Infosys Knowledge Institute has explored digital supply chain trends in the manufacturing segment.
Supply chain management traditionally emphasizes cost efficiency, faster delivery, and quality. But the post-pandemic era has increased organizations’ focus on resiliency. Manufacturers mitigate the impact of supply chain disruptions by first reengineering their internal systems and processes to achieve resiliency. Enterprises proactively recalibrate factors under control such as business models, IT applications, and workflow processes to tackle supply chain volatilities and uncertainties.?
Global challenges that started from the pandemic to supply chain disruptions, such as the Suez Canal blockage and the more recent Ukraine war, have resulted in a severe shortage of critical parts and materials. One trend prevalent in discrete manufacturing to address this challenge is the shift to make-to-order business models. A finished good will be made only when there is a confirmed order from a customer for it. It is a shift from a forecast-based push model to a pull model.

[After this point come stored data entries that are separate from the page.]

(* Let $T$ be a locally finite tree, $G\leq\mathrm{Aut}(T)$ a closed subgroup, $g\in G$ hyperbolic and $x\in\partial T$ the attracting fixed point of $g$. The following are equivalent: (i) $G_x$ is open in $G$; (ii) there is a compact open subgroup $K\leq G$ with $g^nKg^{-n}\supseteq K$ for all $n\in\mathbb{N}$; (iii) there is a compact open subgroup $K\leq G$ such that $[K:K\cap g^nKg^{-n}]$, $n\in\mathbb{N}$, is bounded; (iv) for all compact open subgroups $K\leq G$ the sequence $[K:K\cap g^nKg^{-n}]$, $n\in\mathbb{N}$, is bounded.
   Context: $\mathrm{Aut}(T)$ has the topology of pointwise convergence. A hyperbolic automorphism fixes no vertex or edge; it fixes exactly two boundary points and translates along the geodesic axis between them; the attracting fixed point is the one toward which it translates. *)

From Stdlib Require Import List Arith.
Import ListNotations.

Set Implicit Arguments.
Section Defs.
Variable V : Type.
Variable adj : V -> V -> Prop.

Definition is_walk (c : nat -> V) (n : nat) : Prop :=
  forall i, i < n -> adj (c i) (c (S i)).

Definition is_cycle (c : nat -> V) (n : nat) : Prop :=
  3 <= n /\ is_walk c n /\ c n = c 0 /\
  (forall i j, i < n -> j < n -> i <> j -> c i <> c j).

Definition is_tree : Prop :=
  (forall u v, adj u v -> adj v u) /\
  (forall u, ~ adj u u) /\
  (forall u v, exists (c : nat -> V) (n : nat), c 0 = u /\ c n = v /\ is_walk c n) /\
  (forall c n, ~ is_cycle c n).

Definition locally_finite : Prop :=
  forall v, exists l : list V, forall w, adj v w -> In w l.

Definition is_aut (f : V -> V) : Prop :=
  (forall u v, f u = f v -> u = v) /\
  (forall v, exists u, f u = v) /\
  (forall u v, adj u v <-> adj (f u) (f v)).

Definition agree_on (F : list V) (f h : V -> V) : Prop :=
  forall v, In v F -> h v = f v.

Definition subset (A B : (V -> V) -> Prop) : Prop := forall f, A f -> B f.

(** Open sets of Aut(T) for the topology of pointwise convergence
    (V discrete): basic neighbourhoods fix finitely many vertices. *)
Definition aut_open (U : (V -> V) -> Prop) : Prop :=
  forall f, is_aut f -> U f ->
    exists F : list V, forall h, is_aut h -> agree_on F f h -> U h.

Definition open_in (G U : (V -> V) -> Prop) : Prop :=
  subset U G /\
  forall f, U f -> exists F : list V, forall h, G h -> agree_on F f h -> U h.

Definition aut_compact (K : (V -> V) -> Prop) : Prop :=
  subset K is_aut /\
  forall (I : Type) (U : I -> (V -> V) -> Prop),
    (forall i, aut_open (U i)) ->
    (forall k, K k -> exists i, U i k) ->
    exists l : list I, forall k, K k -> exists i, In i l /\ U i k.

Definition is_aut_subgroup (G : (V -> V) -> Prop) : Prop :=
  subset G is_aut /\
  G (fun v => v) /\
  (forall f h, G f -> G h -> G (fun v => f (h v))) /\
  (forall f, G f -> exists h, G h /\ (forall v, f (h v) = v) /\ (forall v, h (f v) = v)).

Definition closed_subgroup (G : (V -> V) -> Prop) : Prop :=
  is_aut_subgroup G /\
  forall f, is_aut f ->
    (forall F : list V, exists h, G h /\ agree_on F f h) -> G f.

Definition subgroup_of (G K : (V -> V) -> Prop) : Prop :=
  is_aut_subgroup K /\ subset K G.

Definition compact_open_subgroup (G K : (V -> V) -> Prop) : Prop :=
  subgroup_of G K /\ open_in G K /\ aut_compact K.

Definition hyperbolic (g : V -> V) : Prop :=
  is_aut g /\
  (forall v, g v <> v) /\
  (forall u v, adj u v -> ~ (g u = v /\ g v = u)).

(** Boundary: geodesic rays up to eventual coincidence. *)
Definition is_ray (r : nat -> V) : Prop :=
  forall n, adj (r n) (r (S n)) /\ r n <> r (S (S n)).

Definition ray_equiv (r1 r2 : nat -> V) : Prop :=
  exists k m, forall n, r1 (n + k) = r2 (n + m).

(** [r] represents the attracting fixed point of g: r lies on the axis of g
    and g translates along r towards its end. *)
Definition attracting_ray (g : V -> V) (r : nat -> V) : Prop :=
  is_ray r /\ exists l, 0 < l /\ forall n, g (r n) = r (n + l).

Definition stabilizer (G : (V -> V) -> Prop) (r : nat -> V) : (V -> V) -> Prop :=
  fun h => G h /\ ray_equiv (fun n => h (r n)) r.

(** g^n K g^-n = { h | exists k in K, h o g^n = g^n o k }. *)
Definition conj_set (g : V -> V) (n : nat) (K : (V -> V) -> Prop) : (V -> V) -> Prop :=
  fun h => exists k, K k /\ forall v, h (Nat.iter n g v) = Nat.iter n g (k v).

Definition inter (A B : (V -> V) -> Prop) : (V -> V) -> Prop :=
  fun f => A f /\ B f.

(** [K : H] <= B : K is covered by at most B left cosets a H with a in K. *)
Definition index_le (K H : (V -> V) -> Prop) (B : nat) : Prop :=
  exists s : list (V -> V), length s <= B /\ (forall a, In a s -> K a) /\
    forall k, K k -> exists a h, In a s /\ H h /\ forall v, k v = a (h v).

Definition index_seq_bounded (g : V -> V) (K : (V -> V) -> Prop) : Prop :=
  exists B, forall n, index_le K (inter K (conj_set g n K)) B.

End Defs.

(* Let x be the end of the ray r, which g translates by l.  Since an automorphism fixing
   two vertices of a tree fixes the geodesic between them, G_x is open iff some finite
   set F has the property that every element of G fixing F fixes r pointwise.

   (i) -> (ii): the pointwise stabilizer of r is then compact open, and it is contained
   in all its conjugates g^n K g^-n because g maps r into itself.
   (i) -> (iv): write k in K as k = a s with a in a finite set of representatives of K
   modulo the fixer of F and s fixing r; the coset of k modulo K /\ g^n K g^-n is then
   determined by a and by the restriction of g^-n s g^n, which fixes r 0, to a fixed ball
   around r 0, and there are boundedly many such restrictions.
   (iii) -> (i): a bound on [K : K /\ g^n K g^-n] bounds uniformly the K-orbits of the
   vertices g^n (r 0) = r (n l).  Among the elements of K fixing r 0, those fixing
   r (n l) then fix the whole ray as soon as n is large, by a pigeonhole argument on
   orbits, so a neighbourhood of the identity fixes r. *)

From Stdlib Require Import List Arith Lia Classical ClassicalEpsilon.
Import ListNotations.

Set Implicit Arguments.

Fixpoint tuples {X : Type} (L : list X) (m : nat) : list (list X) :=
  match m with
  | 0 => [[]]
  | S m => flat_map (fun x => map (cons x) (tuples L m)) L
  end.

Lemma tuples_complete {X : Type} (L s : list X) :
  (forall x, In x s -> In x L) -> In s (tuples L (length s)).
Proof.
  induction s as [| a s IH]; intros Hs; cbn; [now left |].
  apply in_flat_map; exists a; split; [apply Hs; now left |].
  apply in_map, IH; intros x Hx; apply Hs; now right.
Qed.

Lemma pigeonhole {X : Type} (f : nat -> X) (L : list X) (M : nat) :
  length L <= M -> (forall i, i <= M -> In (f i) L) ->
  exists i j, i < j <= M /\ f i = f j.
Proof.
  intros HL Hf; apply NNPP; intro Hinj.
  assert (Hnodup : NoDup (map f (seq 0 (S M)))).
  { apply NoDup_map_NoDup_ForallPairs; [| apply seq_NoDup].
    intros i j Hi Hj Hij; apply in_seq in Hi, Hj.
    destruct (Nat.lt_total i j) as [Hlt | [Heq | Hlt]]; [| exact Heq |];
      exfalso; apply Hinj.
    - exists i, j; split; [lia | exact Hij].
    - exists j, i; split; [lia | now symmetry]. }
  apply NoDup_incl_length with (l' := L) in Hnodup.
  - rewrite length_map, length_seq in Hnodup; lia.
  - intros x Hx; apply in_map_iff in Hx as [i [<- Hi]]; apply in_seq in Hi; apply Hf; lia.
Qed.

This shift to make-to-order is not an easy change. Ford recently followed this approach to manage the shortage of semiconductor chips.3 The finished goods inventory will be minimal in this way. However, the lead time for delivery of vehicles to customers will be much longer. Enterprise resource planning (ERP) systems need to transform to adapt to this change. A standard bill-of-material is no longer used to make batches of products. Instead, each product has its own unique product configuration.
Along with this change to make-to-order, one efficient approach for bought-out parts is to standardize procurement processes and consolidate purchase?orders.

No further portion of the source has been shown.